▶ AIM OF THE TASK
Count the lines below that hold "Require". Give the number without comment.
== RECORDS PROVIDED
(* Let $(\mathcal G,\mathcal D,\{\mathcal D_1,\ldots,\mathcal D_n\})$ be a minimal decomposition of a closed triangulated surface $\mathcal T$. Then every triangle of $\mathcal G$ intersects the boundary $\partial\mathcal G$ of $\mathcal G$.
   Context: A triangulated surface is a finite simplicial complex whose underlying space is a connected compact surface; it is closed if the surface has empty boundary; $\partial$ denotes the induced triangulation of the boundary. The valence of a vertex is the number of triangles containing it. A decomposition of a closed triangulated surface $\mathcal T$ is a triple $(\mathcal G,\mathcal D,\{\mathcal D_1,\ldots,\mathcal D_n\})$, $n\geq0$, of sub-triangulations (subcomplexes which are triangulated surfaces) of $\mathcal T$ such that $\mathcal D,\mathcal D_1,\ldots,\mathcal D_n$ are triangulated discs, the interior of $\mathcal D$ contains a vertex of maximal valence in $\mathcal T$, their union is $\mathcal T$, and any two of them intersect in a triangulated circle or not at all. A decomposition is minimal if the number of triangles of $\mathcal G$ is minimal among all decompositions of $\mathcal T$. *)

From mathcomp Require Import all_boot.
Set Implicit Arguments. Unset Strict Implicit. Unset Printing Implicit Defensive.

(* A pure 2-dimensional finite simplicial complex on the vertex type V is
   represented by its set of triangles K : {set {set V}}; its faces are all
   nonempty subsets of its triangles. *)
Section Complexes.
Variable V : finType.
Implicit Types (K T : {set {set V}}) (v w : V).

Definition triangles_ok K : Prop := forall t, t \in K -> #|t| = 3.

Definition verts K : {set V} := \bigcup_(t in K) t.
Definition edges K : {set {set V}} :=
  [set e : {set V} | (#|e| == 2) && [exists t in K, e \subset t]].

Definition edge_deg K (e : {set V}) : nat := #|[set t in K | e \subset t]|.

Definition valence K v : nat := #|[set t in K | v \in t]|.

Definition bd_edges K : {set {set V}} := [set e in edges K | edge_deg K e == 1].
Definition bd_verts K : {set V} := \bigcup_(e in bd_edges K) e.

Definition adj K : rel V := fun u w => [exists t in K, (u \in t) && (w \in t)].
Definition connected_cx K : Prop :=
  forall u w, u \in verts K -> w \in verts K -> connect (adj K) u w.

Definition link_verts K v : {set V} :=
  [set w | (w != v) && [exists t in K, (v \in t) && (w \in t)]].
Definition link_rel K v : rel V := fun a b =>
  [exists t in K, [&& v \in t, a \in t, b \in t, a != v, b != v & a != b]].

(* Combinatorial triangulated (connected, compact) surface, possibly with
   boundary: nonempty, pure 2-dimensional, connected, every edge lies in one
   or two triangles, and the link of every vertex is connected (hence, edges
   having degree <= 2, a path or a cycle). *)
Definition tri_surface K : Prop :=
  [/\ K != set0, triangles_ok K, connected_cx K,
      (forall e, e \in edges K -> edge_deg K e = 1 \/ edge_deg K e = 2) &
      (forall v a b, v \in verts K -> a \in link_verts K v -> b \in link_verts K v ->
          connect (link_rel K v) a b)].

Definition closed_surface K : Prop := tri_surface K /\ bd_edges K = set0.

(* Triangulated disc: a triangulated surface with nonempty boundary and Euler
   characteristic  V - E + F = 1 (by the classification of compact surfaces
   this characterizes the disc). *)
Definition tri_disc K : Prop :=
  [/\ tri_surface K, bd_edges K != set0 &
      #|verts K| + #|K| = #|edges K| + 1].

Definition subtri K T : Prop := K \subset T /\ tri_surface K.

(* The intersection of the (face-closed) subcomplexes generated by K1 and K2:
   common vertices, common edges, common triangles. *)
Definition cx_disjoint K1 K2 : Prop := verts K1 :&: verts K2 = set0.
Definition cx_meet_circle K1 K2 : Prop :=
  let W := verts K1 :&: verts K2 in
  let E := edges K1 :&: edges K2 in
  [/\ K1 :&: K2 = set0, W != set0,
      (forall w, w \in W -> #|[set e in E | w \in e]| = 2) &
      (forall u w, u \in W -> w \in W ->
         connect (fun a b => [exists e in E, [&& a \in e, b \in e & a != b]]) u w)].

Definition meet_ok K1 K2 : Prop := cx_disjoint K1 K2 \/ cx_meet_circle K1 K2.

Definition decomposition T G D (Ds : seq {set {set V}}) : Prop :=
  [/\ subtri G T /\ subtri D T, (forall Di, Di \in Ds -> subtri Di T),
      tri_disc D /\ (forall Di, Di \in Ds -> tri_disc Di),
      (exists2 v, v \in verts D :\: bd_verts D &
         forall w, valence T w <= valence T v) &
      G :|: D :|: \bigcup_(Di <- Ds) Di = T /\
      (let P := G :: D :: Ds in
       forall i j, i < j < size P -> meet_ok (nth set0 P i) (nth set0 P j))].

Definition minimal_decomposition T G D (Ds : seq {set {set V}}) : Prop :=
  decomposition T G D Ds /\
  (forall G' D' Ds', decomposition T G' D' Ds' -> #|G| <= #|G'|).

End Complexes.

From mathcomp Require Import all_boot zify.
Set Implicit Arguments. Unset Strict Implicit. Unset Printing Implicit Defensive.

(* If a triangle t of G had no vertex on the boundary of G, moving t from G to
   the list of discs would give a decomposition with a smaller G.  This needs
   two facts.  First, no other piece meets t: every triangle of T at an
   interior vertex of G already lies in G.  Second, G minus t is still a
   triangulated surface meeting the disc t along its boundary circle; the only
   delicate point is the link of a vertex v of t, which in G is a cycle through
   the edge opposite to v in t, and stays connected once that edge is removed. *)

Lemma handshake (X : finType) (r : rel X) :
  symmetric r -> irreflexive r -> ~~ odd (\sum_x #|[set y | r x y]|).
Proof.
move=> r_sym r_irr.
pose P := [set p : X * X | r p.1 p.2].
pose L := [set p : X * X | enum_rank p.1 < enum_rank p.2].
have -> : \sum_x #|[set y | r x y]| = #|P|.
  transitivity (\sum_x \sum_y (r x y : nat)).
    apply: eq_bigr => x _; rewrite -sum1_card big_mkcond.
    by apply: eq_bigr => y _; rewrite inE.
  rewrite pair_bigA -sum1_card [RHS]big_mkcond; apply: eq_bigr => p _; rewrite inE.
  by case: (r _ _).
have swap_inj : injective (fun p : X * X => (p.2, p.1)) by move=> [a b] [c d] [-> ->].
rewrite -(cardsID L P).
have -> : P :\: L = [set (p.2, p.1) | p in P :&: L].
  apply/setP => -[a b]; rewrite !inE /=; apply/andP/imsetP => [[ab rab] | [[c d]]].
    exists (b, a); rewrite // !inE /= r_sym rab /=.
    rewrite ltn_neqAle leqNgt ab andbT.
    by apply/eqP => /val_inj/enum_rank_inj ba; rewrite ba r_irr in rab.
  move=> /setIP []; rewrite !inE /= => rcd cd [-> ->].
  by rewrite r_sym rcd -leqNgt ltnW.
by rewrite card_imset // addnn odd_double.
Qed.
====
▶ SOLUTION FOR THIS EXERCISE
2